In calling for a clear, strong, and long-term commitment to the militarydominated government of Pakistan despite serious concerns about that country’s nuclear proliferation activities, The 9/11 Commission cast into sharp relief two longstanding dilemmas concerning U.S. policy towards Pakistan and South Asia. First, in an often strained security relationship spanning more than five decades, U.S. and Pakistani national security objectives have seldom been congruent. Pakistan has
viewed the alliance primarily in the context of its rivalry with India, whereas
American policymakers have viewed it from the perspective of U.S. global security
interests. Second, U.S. nuclear nonproliferation objectives towards Pakistan (and
India) repeatedly have been subordinated to other important U.S. goals. During the
1980s, Pakistan exploited its key role as a conduit for aid to the anti-Soviet Afghan
mujahidin to avoid U.S. nuclear nonproliferation sanctions and receive some $600
million annually in U.S. military and economic aid. Underscoring Pakistan’s
different agenda, some of the radical Islamists favoured by its military intelligence
service later formed the core of Al Qaeda and the Taliban.

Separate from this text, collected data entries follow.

(* Let $\mathcal{C}$ be a reversible chemical reaction network with species concentrations $x_1,\dots,x_n$, and let $G$ be its modified species--reaction graph (defined in the context). Run the edge-modification procedure described in the context on $G$, with an arbitrary fixed order on the reaction vertices and an arbitrary choice of the unmarked species vertex at each step. Then the procedure terminates, and it returns ''UnconditionallyBinomial'' if and only if $\mathcal{C}$ is unconditionally binomial, i.e. if and only if the steady state ideal $\langle p_1,\dots,p_n\rangle\subseteq\mathbb{Q}[k_{ij},x_1,\dots,x_n]$ (rate constants treated as indeterminates) is generated by binomials.
   Context: A reversible chemical reaction network (RCRN) consists of species $X_1,\dots,X_n$, complexes $C_1,\dots,C_s$ (each complex $C_i$ is a formal nonnegative integer combination $\sum_k y_{ik}X_k$, with monomial $m_i=\prod_k x_k^{y_{ik}}$), and a set of reversible reactions $C_i\rightleftharpoons C_j$ with $C_i\neq C_j$, each having forward rate constant $k_{ij}$ and reverse rate constant $k_{ji}$. Under mass-action kinetics, the binomial associated to the reaction $C_i\rightleftharpoons C_j$ is $b_{ij}=-k_{ij}m_i+k_{ji}m_j$, and the ODEs are $\dot x_k=p_k=\sum_{\text{reactions } C_i\rightleftharpoons C_j} c^{(k)}_{ij}b_{ij}$, where $c^{(k)}_{ij}=y_{ik}-y_{jk}$ is the difference between the stoichiometric coefficients of $X_k$ in the reactant and product complexes. The steady state ideal is $\langle p_1,\dots,p_n\rangle$; the rate constants $k_{ij}$ are treated as independent indeterminates, and the network is called unconditionally binomial if this ideal in $\mathbb{Q}[k_{ij},x_1,\dots,x_n]$ can be generated by binomials (polynomials with at most two terms). Modified species--reaction graph $G$: a bipartite graph with one species vertex for each species $X_k$ and one reaction vertex for each reversible reaction $C_i\rightleftharpoons C_j$ (each reversible pair counted once); there is an undirected edge between species vertex $X_k$ and reaction vertex $C_i\rightleftharpoons C_j$ exactly when $c^{(k)}_{ij}\neq 0$, and that edge carries the label $c^{(k)}_{ij}$. (Equivalently, $G$ encodes the binomial coefficient matrix, whose rows are indexed by species, columns by reactions, and entries are $c^{(k)}_{ij}$; edges correspond to nonzero entries.) For an edge $s$–$r$ write $c(s,r)$ for its current label. Procedure (Algorithm 1): Initially all species vertices are unmarked. Process the reaction vertices $r$ one at a time in a fixed order. For the current $r$, let $N(r)$ be the set of species vertices currently adjacent to $r$. If no vertex of $N(r)$ is unmarked, skip $r$. Otherwise choose an unmarked $cs\in N(r)$ and mark it; then for each $s'\in N(r)$ with $s'\neq cs$: set $\mu=-c(s',r)/c(cs,r)$; delete the edge $s'$–$r$; and for every reaction vertex $r'\neq r$ currently adjacent to $cs$: if $s'$ is adjacent to $r'$, replace its label by $c(cs,r')\mu+c(s',r')$ if this number is nonzero and delete the edge $s'$–$r'$ if it is zero; if $s'$ is not adjacent to $r'$, add the edge $s'$–$r'$ with label $c(cs,r')\mu$. After all reaction vertices have been processed, return ''UnconditionallyBinomial'' if every connected component of the final graph consists either of a single species vertex alone, or of exactly one species vertex and one reaction vertex joined by an edge; otherwise return ''NotUnconditionallyBinomial''. *)

From HB Require Import structures.
From mathcomp Require Import all_boot all_order all_algebra.
From mathcomp Require Import mpoly.
Set Implicit Arguments. Unset Strict Implicit. Unset Printing Implicit Defensive.
Import Order.TTheory GRing.Theory Num.Theory.
Local Open Scope ring_scope.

A crucial U.S. policy challenge is to gain Pakistani cooperation in shutting down
the extensive illicit nuclear supplier network established in the 1990s by the self-designated “father” of Pakistan’s nuclear bomb, Abdul Qadir Khan, which provided
nuclear enrichment technology to Iran, Libya, and North Korea, while at the same
time supporting stability in Pakistan and gaining its maximum cooperation against
terrorism. To date, the Administration appears largely to have acquiesced in
Pakistan’s refusal to allow access to Khan by U.S. intelligence officials. The
Administration has been equally reluctant to publicly criticize the Musharraf
government’s apparent use of international arms dealers to obtain controlled U.S.
dual-use technology for its own nuclear weapons program, in violation of U.S. law.
The 109th Congress has been asked by the Administration to provide some $698
million in military and economic assistance to Pakistan for FY2006, part of a five-year, $3 billion aid package. Some Members of Congress have expressed concern
that, as during the 1980s, the urgent need for Pakistan’s cooperation will prevent the
Administration from dealing forcefully with its nuclear proliferation activities, and
have introduced legislation that seeks to make U.S. assistance contingent on
Pakistan’s cooperation on nuclear proliferation.
This report: (1) briefly recounts previous failed efforts to reconcile American
nuclear nonproliferation and other security objectives regarding Pakistan; (2)
documents A.Q. Khan’s role, whether with or without official involvement, in
supplying nuclear technology to “rogue” states and how these activities escaped
detection by U.S. intelligence agencies; (3) considers issues regarding the objectives,
and viability of the military-dominated government of President Pervez Musharraf;
and, (4) outlines and evaluates several U.S. options for seeking to gain more credible
cooperation from Pakistan’s regarding its nuclear activities while still maintaining
effective counterterrorist cooperation. This report will not be further updated.